**Exercise:** Below are some records. Return exactly the lines from the one with "Local Notation Hi := (Hiter N A B Q R gamma)." to the one with "move=> psdQ [symR", and nothing else.

######

(* Let $H^{(0)}=0$, $R=R^\top\succ0$, $Q=Q^\top\succeq0$, and let $H^{(i)}$ be generated by $H^{(i+1)}=G+\gamma M(L(H^{(i)}))^\top H^{(i)}M(L(H^{(i)}))$. Then for every $i>0$ and every $x\in\mathbb{R}^n$, $r_0,\dots,r_N\in\mathbb{R}^n$, the control $u=L(H^{(i)})[x^\top,r_1^\top,\dots,r_N^\top]^\top$ is the unique minimizer over $u\in\mathbb{R}^m$ of $\tfrac12 z^\top H^{(i)} z$, where $z=[x^\top,u^\top,r_0^\top,\dots,r_N^\top]^\top$.
   Context: Dimensions: $x,r_j\in\mathbb{R}^n$, $u\in\mathbb{R}^m$, $A\in\mathbb{R}^{n\times n}$, $B\in\mathbb{R}^{n\times m}$, $\gamma\in[0,1)$, $N\in\mathbb{N}$. Symmetric matrices $H$ of size $((N+2)n+m)$ are partitioned into blocks $h_{ab}$, $a,b\in\{x,u,r_0,\dots,r_N\}$. For $H$ with invertible $h_{uu}$, $L(H)=-h_{uu}^{-1}[h_{ux},h_{ur_1},\dots,h_{ur_N}]=[L_x,L_1,\dots,L_N]$, and $L(0):=0$. $G=\begin{bmatrix}Q&0&-Q&0\\0&R&0&0\\-Q&0&Q&0\\0&0&0&0\end{bmatrix}$ (blocks $x$, $u$, $r_0$, $(r_1,\dots,r_N)$). $M(L)$ is the square matrix mapping $[x;u;r_0;\dots;r_N]$ to $[Ax+Bu;\;L_x(Ax+Bu)+L_1r_2+\dots+L_{N-1}r_N;\;r_1;\dots;r_N;\;0]$. *)

From HB Require Import structures.
From mathcomp Require Import all_boot all_order all_algebra.
Set Implicit Arguments. Unset Strict Implicit. Unset Printing Implicit Defensive.
Import Order.TTheory GRing.Theory Num.Theory.
Local Open Scope ring_scope.

(* Block layout of the big vector z = [x; u; r_0; r_1; ...; r_N] :
   z = col_mx x (col_mx u (col_mx r0 rs)) where rs : 'cV_(N*n) is the
   stack [r_1; ...; r_N] (r_j occupies entries (j-1)*n .. j*n - 1). *)
Notation dim n m N := (n + (m + (n + N * n)))%N.

Section Defs.
Variable F : realFieldType.

Definition sym_mx k (S : 'M[F]_k) := S^T = S.
Definition posdef_mx k (S : 'M[F]_k) :=
  sym_mx S /\ forall v : 'cV[F]_k, v != 0 -> 0 < (v^T *m S *m v) ord0 ord0.
Definition psd_mx k (S : 'M[F]_k) :=
  sym_mx S /\ forall v : 'cV[F]_k, 0 <= (v^T *m S *m v) ord0 ord0.

Variables (n m N : nat).

Definition h_uu (H : 'M[F]_(dim n m N)) : 'M[F]_m := ulsubmx (drsubmx H).
Definition h_ux (H : 'M[F]_(dim n m N)) : 'M[F]_(m, n) := usubmx (dlsubmx H).
Definition h_urs (H : 'M[F]_(dim n m N)) : 'M[F]_(m, N * n) :=
  rsubmx (ursubmx (drsubmx H)).

(* L(H) = - h_uu^{-1} [h_ux, h_ur1, ..., h_urN] when h_uu is invertible;
   L(0) := 0 (and 0 whenever h_uu is singular). *)
Definition Lgain (H : 'M[F]_(dim n m N)) : 'M[F]_(m, n + N * n) :=
  if h_uu H \in unitmx then - (invmx (h_uu H) *m row_mx (h_ux H) (h_urs H))
  else 0.

(* shift [r_1;...;r_N] |-> [r_2;...;r_N;0] *)
Definition shiftmx : 'M[F]_(N * n) :=
  \matrix_(i, j) (((j : nat) == i + n)%N)%:R.
(* [r_1;...;r_N] |-> r_1 *)
Definition firstmx : 'M[F]_(n, N * n) :=
  \matrix_(i, j) (((j : nat) == i)%N)%:R.

Variables (A : 'M[F]_n) (B : 'M[F]_(n, m)) (Q : 'M[F]_n) (R : 'M[F]_m).

(* G = [[Q,0,-Q,0],[0,R,0,0],[-Q,0,Q,0],[0,0,0,0]] *)
Definition Gmx : 'M[F]_(dim n m N) :=
  block_mx Q (row_mx 0 (row_mx (- Q) 0))
           (col_mx 0 (col_mx (- Q) 0))
           (block_mx R 0 0 (block_mx Q 0 0 0)).

(* M(L): [x;u;r0;r1..rN] |->
   [Ax+Bu; Lx(Ax+Bu)+L1 r2+...+L_{N-1} rN; r1; ...; rN; 0] *)
Definition Mmx (L : 'M[F]_(m, n + N * n)) : 'M[F]_(dim n m N) :=
  let Lx := lsubmx L in let Lr := rsubmx L in
  block_mx A (row_mx B (row_mx 0 0))
           (col_mx (Lx *m A) (col_mx 0 0))
           (block_mx (Lx *m B) (row_mx 0 (Lr *m shiftmx))
                     0 (block_mx 0 firstmx 0 shiftmx)).

Fixpoint Hiter (gamma : F) (i : nat) : 'M[F]_(dim n m N) :=
  match i with
  | 0 => 0
  | i'.+1 => let H := Hiter gamma i' in
             Gmx + gamma *: ((Mmx (Lgain H))^T *m H *m Mmx (Lgain H))
  end.

Definition zvec (x : 'cV[F]_n) (u : 'cV[F]_m) (r0 : 'cV[F]_n)
  (rs : 'cV[F]_(N * n)) : 'cV[F]_(dim n m N) :=
  col_mx x (col_mx u (col_mx r0 rs)).

Definition cost (H : 'M[F]_(dim n m N)) (z : 'cV[F]_(dim n m N)) : F :=
  2^-1 * (z^T *m H *m z) ord0 ord0.

End Defs.

(* For i > 0 we have H = G + gamma M^T H' M with H' positive semidefinite, so
   the u-u block of H is R plus a positive semidefinite matrix, hence positive
   definite. The cost is therefore a strictly convex quadratic in u, and
   completing the square shows that its unique minimizer is
   -h_uu^-1 (h_ux x + h_ur1 r_1 + ... + h_urN r_N). The reference r_0 does not
   enter the minimizer: G has no u-r_0 block and M(L) ignores r_0, so the
   u-r_0 block of H vanishes. *)
From HB Require Import structures.
From mathcomp Require Import all_boot all_order all_algebra ring.
Import Order.TTheory GRing.Theory Num.Theory.
Local Open Scope ring_scope.
Set Implicit Arguments. Unset Strict Implicit.

Ltac block_simpl := rewrite ?(mul_block_col, mul_row_col, mul_col_mx, mul_mx_row,
  mul_row_block, mul_col_row, mulmx_block, tr_col_mx, tr_row_mx, tr_block_mx,
  trmx0, trmx1, mul0mx, mulmx0, mulmx1, mul1mx, addr0, add0r, col_mx0, row_mx0,
  block_mx0, block_mxKdr, block_mxKul, block_mxKur, block_mxKdl, col_mxKu,
  col_mxKd, row_mxKl, row_mxKr, add_row_mx, add_col_mx).

Section QuadraticForms.
Variable F : realFieldType.

Definition qform k (S : 'M[F]_k) (v : 'cV[F]_k) : F := (v^T *m S *m v) ord0 ord0.

Lemma qform_mulmx k l (S : 'M[F]_l) (M : 'M[F]_(l, k)) (v : 'cV[F]_k) :
  qform (M^T *m S *m M) v = qform S (M *m v).
Proof. by rewrite /qform trmx_mul !mulmxA. Qed.

Lemma qform_addZ k (S1 S2 : 'M[F]_k) (g : F) (v : 'cV[F]_k) :
  qform (S1 + g *: S2) v = qform S1 v + g * qform S2 v.
Proof. by rewrite /qform mulmxDr mulmxDl -scalemxAr -scalemxAl !mxE. Qed.

Lemma posdef_psd k (S : 'M[F]_k) : posdef_mx S -> psd_mx S.
Proof.
move=> [symS posS]; split=> // v.
by have [->|/posS/ltW //] := eqVneq v 0; rewrite mulmx0 mxE.
Qed.

Lemma posdef_unitmx k (S : 'M[F]_k) : posdef_mx S -> S \in unitmx.
Proof.
move=> [_ posS]; rewrite unitmxE unitfE; apply/negP => /det0P [w w0 wS].
have := posS w^T; rewrite trmx_eq0 => /(_ w0).
by rewrite trmxK wS mul0mx mxE ltxx.
Qed.

Lemma qform_addKr k l (S : 'M[F]_k) (E : 'M[F]_(k, l)) (z : 'cV[F]_k) (d : 'cV[F]_l) :
  S^T = S -> E^T *m S *m z = 0 ->
  qform S (z + E *m d) = qform S z + qform (E^T *m S *m E) d.
Proof.
move=> symS ESz.
have cross_l : (E *m d)^T *m S *m z = 0.
  by rewrite trmx_mul -!mulmxA [E^T *m _]mulmxA ESz mulmx0.
have cross_r : z^T *m S *m (E *m d) = 0.
  have -> : z^T *m S *m (E *m d) = ((E *m d)^T *m S *m z)^T.
    by rewrite !trmx_mul !trmxK symS !mulmxA.
  by rewrite cross_l trmx0.
rewrite qform_mulmx /qform (linearD trmx) /= mulmxDr !mulmxDl cross_l cross_r.
by rewrite addr0 add0r mxE.
Qed.

Section Argmin.
Variables (k l : nat) (S : 'M[F]_k) (E : 'M[F]_(k, l)) (w : 'cV[F]_k).
Hypotheses (symS : S^T = S) (posP : posdef_mx (E^T *m S *m E)).

Let P := E^T *m S *m E.
Let ustar := - (invmx P *m (E^T *m S *m w)).

Lemma qform_complete_square u :
  qform S (w + E *m u) = qform S (w + E *m ustar) + qform P (u - ustar).
Proof.
have stationary : E^T *m S *m (w + E *m ustar) = 0.
  rewrite mulmxDr /ustar !mulmxN !mulmxA -/P mulmxV ?posdef_unitmx //.
  by rewrite mul1mx subrr.
by rewrite -qform_addKr // mulmxBr addrCA addrK [E *m u + w]addrC.
Qed.

Lemma qform_argmin :
  (forall u, qform S (w + E *m ustar) <= qform S (w + E *m u)) /\
  (forall u, (forall v, qform S (w + E *m u) <= qform S (w + E *m v)) -> u = ustar).
Proof.
split=> [u|u umin].
  by rewrite [qform S (w + E *m u)]qform_complete_square lerDl (proj2 (posdef_psd posP)).
have := umin ustar; rewrite [qform S (w + E *m u)]qform_complete_square gerDl.
have [/eqP|/(proj2 posP) uP] := eqVneq (u - ustar) 0; first by rewrite subr_eq0 => /eqP.
by rewrite leNgt uP.
Qed.

End Argmin.
End QuadraticForms.

Section RiccatiIteration.
Variables (F : realFieldType) (n m N : nat).
Local Notation D := (n + (m + (n + N * n)))%N.

Definition embed_u : 'M[F]_(D, m) := col_mx 0 (col_mx 1%:M 0).
Definition embed_r0 : 'M[F]_(D, n) := col_mx 0 (col_mx 0 (col_mx 1%:M 0)).

Lemma h_uuE (H : 'M[F]_D) : h_uu H = embed_u^T *m H *m embed_u.
Proof. by rewrite /h_uu /embed_u -{2}[H]submxK -{2}[drsubmx H]submxK; block_simpl. Qed.

Lemma embed_u_mul_zvec (H : 'M[F]_D) x rs :
  embed_u^T *m H *m zvec x 0 0 rs = row_mx (h_ux H) (h_urs H) *m col_mx x rs.
Proof.
rewrite /h_ux /h_urs /embed_u /zvec -{1}[H]submxK -{1}[drsubmx H]submxK.
by rewrite -{1}[dlsubmx H]vsubmxK -{1}[ursubmx (drsubmx H)]hsubmxK; block_simpl.
Qed.

Lemma zvec_u x u r0 rs :
  zvec x u r0 rs = zvec x 0 r0 rs + embed_u *m u :> 'cV[F]_D.
Proof. by rewrite /zvec /embed_u; block_simpl. Qed.

Lemma zvec_r0 x r0 rs :
  zvec x 0 r0 rs = zvec x 0 0 rs + embed_r0 *m r0 :> 'cV[F]_D.
Proof. by rewrite /zvec /embed_r0; block_simpl. Qed.

Variables (A : 'M[F]_n) (B : 'M[F]_(n, m)) (Q : 'M[F]_n) (R : 'M[F]_m).

Lemma Mmx_embed_r0 L : Mmx A B L *m embed_r0 = 0.
Proof. by rewrite /Mmx /embed_r0; block_simpl. Qed.

Lemma Gmx_u_r0 : embed_u^T *m Gmx N Q R *m embed_r0 = 0.
Proof. by rewrite /Gmx /embed_r0 /embed_u; block_simpl. Qed.

Lemma h_uu_Gmx : h_uu (Gmx N Q R) = R.
Proof. by rewrite /h_uu /Gmx; block_simpl. Qed.

Lemma Gmx_sym : sym_mx Q -> sym_mx R -> sym_mx (Gmx N Q R).
Proof. by rewrite /sym_mx /Gmx => symQ symR; block_simpl; rewrite !linearN /= symQ symR. Qed.

Lemma qform_Gmx x u r0 rs :
  qform (Gmx N Q R) (zvec x u r0 rs) = qform Q (x - r0) + qform R u.
Proof.
rewrite /qform /Gmx /zvec; block_simpl.
rewrite (linearB trmx) /= !mulmxN !mulmxBl !mulmxBr mulmxDl mulNmx.
(* Abstract the 1 x 1 products so that [ring] sees a commutative identity. *)
move: (x^T *m Q *m x) (x^T *m Q *m r0) (r0^T *m Q *m x) (r0^T *m Q *m r0) (u^T *m R *m u).
by move=> a b c d e; rewrite !mxE; ring.
Qed.

Lemma Gmx_psd : psd_mx Q -> psd_mx R -> forall v, 0 <= qform (Gmx N Q R) v.
Proof.
move=> [_ psdQ] [_ psdR] v.
have -> : v = zvec (usubmx v) (usubmx (dsubmx v)) (usubmx (dsubmx (dsubmx v)))
                   (dsubmx (dsubmx (dsubmx v))) by rewrite /zvec !vsubmxK.
by rewrite qform_Gmx; exact: addr_ge0 (psdQ _) (psdR _).
Qed.

Variable gamma : F.
Local Notation Hi := (Hiter N A B Q R gamma).

Lemma Hiter_sym : sym_mx Q -> sym_mx R -> forall i, sym_mx (Hi i).
Proof.
move=> symQ symR; elim=> [|i IH] /=; first by rewrite /sym_mx trmx0.
by rewrite /sym_mx linearD linearZ /= !trmx_mul trmxK IH Gmx_sym // mulmxA.
Qed.

Lemma Hiter_psd : psd_mx Q -> psd_mx R -> 0 <= gamma -> forall i v, 0 <= qform (Hi i) v.
Proof.
move=> psdQ psdR gamma_ge0; elim=> [|i IH] v /=; first by rewrite /qform mulmx0 mul0mx mxE.
rewrite qform_addZ addr_ge0 ?Gmx_psd // mulr_ge0 //.
by rewrite qform_mulmx; apply: IH.
Qed.

Lemma h_uu_Hiter_posdef i : psd_mx Q -> posdef_mx R -> 0 <= gamma -> (0 < i)%N ->
  posdef_mx (h_uu (Hi i)).
Proof.
move=> psdQ [symR posR] gamma_ge0; case: i => // i _.
have symH := Hiter_sym (proj1 psdQ) symR i.+1.
split=> [|v v0]; first by rewrite /sym_mx h_uuE !trmx_mul trmxK symH mulmxA.
change (0 < qform (h_uu (Hi i.+1)) v).
rewrite h_uuE qform_mulmx [Hi _]/= qform_addZ -qform_mulmx -h_uuE h_uu_Gmx.
rewrite ltr_wpDr ?posR // mulr_ge0 // qform_mulmx.
exact: (Hiter_psd psdQ (posdef_psd (conj symR posR))).
Qed.

Lemma Hiter_u_r0 i : (0 < i)%N -> embed_u^T *m Hi i *m embed_r0 = 0.
Proof.
case: i => // i _ /=.
rewrite mulmxDr mulmxDl Gmx_u_r0 add0r -scalemxAr -scalemxAl -!mulmxA Mmx_embed_r0.
by rewrite !mulmx0 scaler0.
Qed.

Lemma Lgain_Hiter_mul i x r0 rs : (0 < i)%N -> (h_uu (Hi i)) \in unitmx ->
  Lgain (Hi i) *m col_mx x rs
  = - (invmx (embed_u^T *m Hi i *m embed_u) *m (embed_u^T *m Hi i *m zvec x 0 r0 rs)).
Proof.
move=> i_gt0 unit_uu.
have cross : embed_u^T *m Hi i *m zvec x 0 r0 rs
              = row_mx (h_ux (Hi i)) (h_urs (Hi i)) *m col_mx x rs.
  by rewrite zvec_r0 mulmxDr mulmxA Hiter_u_r0 // mul0mx addr0 embed_u_mul_zvec.
by rewrite /Lgain unit_uu -h_uuE cross mulNmx mulmxA.
Qed.

End RiccatiIteration.

Arguments embed_u {F n m N}.

Theorem lemma5 (F : realFieldType) (n m N : nat)
  (A : 'M[F]_n) (B : 'M[F]_(n, m)) (Q : 'M[F]_n) (R : 'M[F]_m) (gamma : F) :
  posdef_mx R -> psd_mx Q -> 0 <= gamma -> gamma < 1 ->
  forall i : nat, (0 < i)%N ->
  forall (x r0 : 'cV[F]_n) (rs : 'cV[F]_(N * n)),
    let H := Hiter N A B Q R gamma i in
    let ustar := Lgain H *m col_mx x rs in
    (forall u : 'cV[F]_m, cost H (zvec x ustar r0 rs)
                          <= cost H (zvec x u r0 rs)) /\
    (forall u : 'cV[F]_m,
       (forall v : 'cV[F]_m, cost H (zvec x u r0 rs) <= cost H (zvec x v r0 rs)) ->
       u = ustar).
Proof.
move=> posR psdQ gamma_ge0 _ i i_gt0 x r0 rs H ustar.
have symH : H^T = H := Hiter_sym N A B gamma (proj1 psdQ) (proj1 posR) i.
have pos_uu := h_uu_Hiter_posdef N A B psdQ posR gamma_ge0 i_gt0.
have costE u :
    cost H (zvec x u r0 rs) = 2^-1 * qform H (zvec x 0 r0 rs + embed_u *m u).
  by rewrite /cost /qform -zvec_u.
have half_gt0 : (0 : F) < 2^-1 by rewrite invr_gt0 ltr0n.
rewrite h_uuE in pos_uu.
have [minimal unique] := qform_argmin (zvec x 0 r0 rs) symH pos_uu.
rewrite /ustar (Lgain_Hiter_mul x r0) ?posdef_unitmx ?h_uuE //.
split=> [u|u umin]; first by rewrite !costE ler_pM2l.
by apply: unique => v; rewrite -(ler_pM2l half_gt0) -!costE.
Qed.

######

**Exercise result:**
Local Notation Hi := (Hiter N A B Q R gamma).

Lemma Hiter_sym : sym_mx Q -> sym_mx R -> forall i, sym_mx (Hi i).
Proof.
move=> symQ symR; elim=> [|i IH] /=; first by rewrite /sym_mx trmx0.
by rewrite /sym_mx linearD linearZ /= !trmx_mul trmxK IH Gmx_sym // mulmxA.
Qed.

Lemma Hiter_psd : psd_mx Q -> psd_mx R -> 0 <= gamma -> forall i v, 0 <= qform (Hi i) v.
Proof.
move=> psdQ psdR gamma_ge0; elim=> [|i IH] v /=; first by rewrite /qform mulmx0 mul0mx mxE.
rewrite qform_addZ addr_ge0 ?Gmx_psd // mulr_ge0 //.
by rewrite qform_mulmx; apply: IH.
Qed.

Lemma h_uu_Hiter_posdef i : psd_mx Q -> posdef_mx R -> 0 <= gamma -> (0 < i)%N ->
  posdef_mx (h_uu (Hi i)).
Proof.
move=> psdQ [symR posR] gamma_ge0; case: i => // i _.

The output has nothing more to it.